I Tm 2. 1 - 8 e sua aplicação atual



Antes de tudo, recomendo que se façam súplicas, orações, intercessões e ação de graças por todos os homens; pelos reis e por todos os que exercem autoridade, para que tenhamos uma vida tranqüila e pacífica, com toda a piedade e dignidade.
Isso é bom e agradável perante Deus, nosso Salvador, que deseja que todos os homens sejam salvos e cheguem ao conhecimento da verdade. Pois há um só Deus e um só mediador entre Deus e os homens: o homem Cristo Jesus, o qual se entregou a si mesmo como resgate por todos. Esse foi o testemunho dado em seu próprio tempo.
Para isso fui designado pregador e apóstolo mestre da verdadeira fé aos gentios. Digo-lhes a verdade, não minto. Quero, pois, que os homens orem em todo lugar, levantando mãos santas, sem ira e sem discussões (I Tm 2. 1 - 8 NVI). 
Creio que a ordem paulina de orar pelos que estão em eminência, alcança neste momento crucial da nação brasileira sua maior relevância. Vou explicar. O Brasil está há exatos quatro dias de um pleito eleitoral que decidirá se o PT vai prosseguir com seu projeto de consolidação no poder, ou se teremos alternância no mesmo, e só. Se você sonha com mudança a escolha é a seguinte: ore, e muito, ou então desista.
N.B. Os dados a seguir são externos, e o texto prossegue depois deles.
(* Let $\mathcal X$ be a separable Hilbert space, $a:\mathcal X\times\mathcal X\to\mathbb R$ a bounded bilinear form with $\inf_{x\neq0}a(x,x)/\|x\|_{\mathcal X}^2=c_0>0$, $f\in\mathcal X^*$, and let $u\in\mathcal X$ solve $a(u,v)=f(v)$ for all $v\in\mathcal X$. Let $(w_n)_{n\in\mathbb N}$ be a Riesz basis of $\mathcal X$ with a constant $C>0$ such that every $x=\sum_n\lambda_nw_n\in\mathcal X$ satisfies $C^{-1}\|x\|_{\mathcal X}^2\le\sum_n\lambda_n^2\le C\|x\|_{\mathcal X}^2$, and let $\mathcal X_\ell={\rm span}\{w_1,\dots,w_{N_\ell}\}$ for integers $N_\ell<N_{\ell+1}$; let $u_\ell\in\mathcal X_\ell$ solve $a(u_\ell,v)=f(v)$ for all $v\in\mathcal X_\ell$. If the matrix $M_{ij}:=a(w_j,w_i)$ belongs to the Jaffard class $\mathcal J$, then there exists $C_{\rm qo}>0$ with \[ C_{\rm qo}^{-1}\|u-u_\ell\|_{\mathcal X}^2\le\sum_{k=\ell}^\infty\|u_{k+1}-u_k\|_{\mathcal X}^2\le C_{\rm qo}\|u-u_\ell\|_{\mathcal X}^2\quad\text{for all }\ell\in\mathbb N. \] The constant $C_{\rm qo}$ depends only on $(w_n)$, $a$, $C$, $c_0$, the Jaffard class and $\mathcal X$.
   Context: $M\in\mathcal J$ means there exist a metric $d$ on $\mathbb N$ with $\sup_i\sum_j\exp(-\varepsilon d(i,j))<\infty$ for all $\varepsilon>0$, and $\gamma>0$, such that for every $0<\gamma'<\gamma$ there is $C(\gamma')$ with $|M_{ij}|\le C(\gamma')\exp(-\gamma'd(i,j))$ for all $i,j$. *)

From HB Require Import structures.
From mathcomp Require Import all_boot all_order all_algebra.
From mathcomp Require Import all_classical all_reals all_analysis.
Set Implicit Arguments. Unset Strict Implicit. Unset Printing Implicit Defensive.
Import Order.TTheory GRing.Theory Num.Theory.
Import numFieldNormedType.Exports.
Local Open Scope classical_set_scope.
Local Open Scope ring_scope.

(* [ip] is an inner product on V inducing the norm of V (so V, being complete,
   is a real Hilbert space). *)
Definition hilbert_inner (R : realType) (V : normedModType R) (ip : V -> V -> R) :=
  [/\ forall r x y z, ip (r *: x + y) z = r * ip x z + ip y z,
      forall x y, ip x y = ip y x,
      forall x, 0 <= ip x x &
      forall x, `|x| ^+ 2 = ip x x].

Definition separable_space (R : realType) (V : normedModType R) :=
  exists D : set V, countable D /\ dense D.

Definition bounded_bilinear (R : realType) (V : normedModType R) (a : V -> V -> R) :=
  [/\ forall r x y z, a (r *: x + y) z = r * a x z + a y z,
      forall r x y z, a z (r *: x + y) = r * a z x + a z y &
      exists K : R, forall x y, `|a x y| <= K * `|x| * `|y| ].

Definition coercivity_constant (R : realType) (V : normedModType R)
    (a : V -> V -> R) (c0 : R) :=
  (forall x : V, x != 0 -> c0 <= a x x / `|x| ^+ 2) /\
  (forall c : R, (forall x : V, x != 0 -> c <= a x x / `|x| ^+ 2) -> c <= c0).

Definition dual_elt (R : realType) (V : normedModType R) (f : V -> R) :=
  (forall r x y, f (r *: x + y) = r * f x + f y) /\
  exists K : R, forall x, `|f x| <= K * `|x|.

Definition series_to (R : realType) (V : normedModType R)
    (w : nat -> V) (lam : nat -> R) (x : V) :=
  (fun n => \sum_(i < n) lam i *: w i) @ \oo --> x.

(* Riesz basis with constant C (indexed from 0) *)
Definition riesz_basis (R : realType) (V : normedModType R) (w : nat -> V) (C : R) :=
  (forall x : V, exists lam : nat -> R, series_to w lam x) /\
  (forall (x : V) (lam : nat -> R), series_to w lam x ->
     ((C^-1 * `|x| ^+ 2)%:E <= \sum_(0 <= n <oo) ((lam n) ^+ 2)%:E)%E /\
     (\sum_(0 <= n <oo) ((lam n) ^+ 2)%:E <= (C * `|x| ^+ 2)%:E)%E).

Definition span_first (R : realType) (V : normedModType R) (w : nat -> V) (N : nat) : set V :=
  [set x | exists c : nat -> R, x = \sum_(i < N) c i *: w i].

Definition nat_metric (R : realType) (d : nat -> nat -> R) :=
  [/\ forall i j, 0 <= d i j,
      forall i j, d i j = 0 <-> i = j,
      forall i j, d i j = d j i &
      forall i j k, d i k <= d i j + d j k].

Definition jaffard (R : realType) (M : nat -> nat -> R) :=
  exists d : nat -> nat -> R,
    nat_metric d /\
    (forall eps : R, 0 < eps -> exists B : R, forall i : nat,
        (\sum_(0 <= j <oo) (expR (- (eps * d i j)))%:E <= B%:E)%E) /\
    exists gamma : R, 0 < gamma /\
      forall gamma' : R, 0 < gamma' -> gamma' < gamma ->
        exists Cg : R, forall i j, `|M i j| <= Cg * expR (- (gamma' * d i j)).

(* Run the Gram-Schmidt process with respect to the non-symmetric form a on the
   Riesz basis (w_n): phi_n is w_n plus a combination of w_0, ..., w_(n-1) such that
   a(phi_n, v) = 0 on span{w_k : k < n}, and psi_n is built the same way for the
   adjoint form, so that a(phi_m, psi_n) = 0 for m <> n.  The Galerkin solution on
   span{w_k : k < N} is then the partial sum of sum_m y_m phi_m with
   y_m = a(u, psi_m) / a(phi_m, psi_m), and u_(l+1) - u_l is the block of this series
   between N_l and N_(l+1).
   The Jaffard decay of the stiffness matrix is inherited by the coefficients of phi_n
   and psi_n in the basis w: conjugating the stiffness matrix by the weights
   exp(e d(k, n)) changes it by a small perturbation when e is small.  A Schur test
   then shows that (phi_n) is a Riesz sequence, so both the sum of the squared
   increments from l on and |u_L - u_l|^2 are comparable to sum_(N_l <= m < N_L) y_m^2;
   letting L go to infinity gives the claim. *)

From HB Require Import structures.
From mathcomp Require Import all_boot all_order all_algebra.
From mathcomp Require Import all_classical all_reals all_analysis.
From mathcomp Require Import ring lra.
Set Implicit Arguments. Unset Strict Implicit. Unset Printing Implicit Defensive.
Import Order.TTheory GRing.Theory Num.Theory.
Import numFieldNormedType.Exports.
Local Open Scope classical_set_scope.
Local Open Scope ring_scope.

Definition bilinear_form (R : pzRingType) (V : lmodType R) (b : V -> V -> R) :=
  (forall r x y z, b (r *: x + y) z = r * b x z + b y z) /\
  (forall r x y z, b z (r *: x + y) = r * b z x + b z y).

Definition adjoint_form (R : pzRingType) (V : lmodType R) (b : V -> V -> R) :=
  fun x y => b y x.

Lemma bilinear_adjoint (R : pzRingType) (V : lmodType R) (b : V -> V -> R) :
  bilinear_form b -> bilinear_form (adjoint_form b).
Proof. by case=> bl br; split=> r x y z; rewrite /adjoint_form ?bl ?br. Qed.

Section BilinearFormLeft.
Variables (R : pzRingType) (V : lmodType R) (b : V -> V -> R).
Hypothesis b_bil : bilinear_form b.

Lemma bilin0l z : b 0 z = 0.
Proof.
have h := b_bil.1 1 0 0 z; rewrite scaler0 addr0 mul1r in h.
by apply: (addrI (b 0 z)); rewrite addr0 -h.
Qed.

Lemma bilinDl x y z : b (x + y) z = b x z + b y z.
Proof. by have := b_bil.1 1 x y z; rewrite scale1r mul1r. Qed.

Lemma bilinZl r x z : b (r *: x) z = r * b x z.
Proof. by have := b_bil.1 r x 0 z; rewrite !addr0 bilin0l addr0. Qed.

Lemma bilinBl x y z : b (x - y) z = b x z - b y z.
Proof. by have := b_bil.1 (-1) y x z; rewrite scaleN1r mulN1r addrC [RHS]addrC. Qed.

Lemma bilin_sumZl (I : Type) (r : seq I) (P : pred I) (c : I -> R) (F : I -> V) z :
  b (\sum_(i <- r | P i) c i *: F i) z = \sum_(i <- r | P i) c i * b (F i) z.
Proof.
rewrite (big_morph (b^~ z) (fun x y => bilinDl x y z) (bilin0l z)).
by apply: eq_bigr => i _; rewrite bilinZl.
Qed.

End BilinearFormLeft.

Section BilinearFormRight.
Variables (R : pzRingType) (V : lmodType R) (b : V -> V -> R).
Hypothesis b_bil : bilinear_form b.

Lemma bilinBr x y z : b z (x - y) = b z x - b z y.
Proof. exact: (bilinBl (bilinear_adjoint b_bil)). Qed.

Lemma bilin_sumZr (I : Type) (r : seq I) (P : pred I) (c : I -> R) (F : I -> V) z :
  b z (\sum_(i <- r | P i) c i *: F i) = \sum_(i <- r | P i) c i * b z (F i).
Proof. exact: (bilin_sumZl (bilinear_adjoint b_bil)). Qed.

End BilinearFormRight.

Record bounded_coercive (R : realType) (V : normedModType R) (b : V -> V -> R)
    (c0 K : R) : Prop := BoundedCoercive {
  form_bilinear : bilinear_form b;
  form_bounded : forall x y, `|b x y| <= K * `|x| * `|y|;
  form_coercive : forall x, c0 * `|x| ^+ 2 <= b x x }.

Lemma bounded_coercive_adjoint (R : realType) (V : normedModType R) (b : V -> V -> R)
    (c0 K : R) :
  bounded_coercive b c0 K -> bounded_coercive (adjoint_form b) c0 K.
Proof.
case=> bil bnd coer; split => //; first exact: bilinear_adjoint.
by move=> x y; rewrite /adjoint_form mulrAC bnd.
Qed.

Definition galerkin_solution (R : realType) (V : normedModType R) (b : V -> V -> R)
    (S : set V) (u g : V) :=
  S g /\ forall v, S v -> b g v = b u v.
Exagero meu?! Creio que não.

A verdade nua e crua é que quem votar em Aécio, na verdade votará contra o projeto de perpetuação de poder do PT. E quem votar em Dilma, supostamente estará votando na continuidade dos programas sociais, e cosequentemente confirmando sua aversão à política dos tucanos (privatizações, arrocho salarial, e coisas do tipo). Ambas escolhas são demasiadamente difíceis, visto que nenhum dos dois é o nome ideal. Prefiro Marina com seus erros e acertos e Cristóvão Buarque a qualquer um dos dois.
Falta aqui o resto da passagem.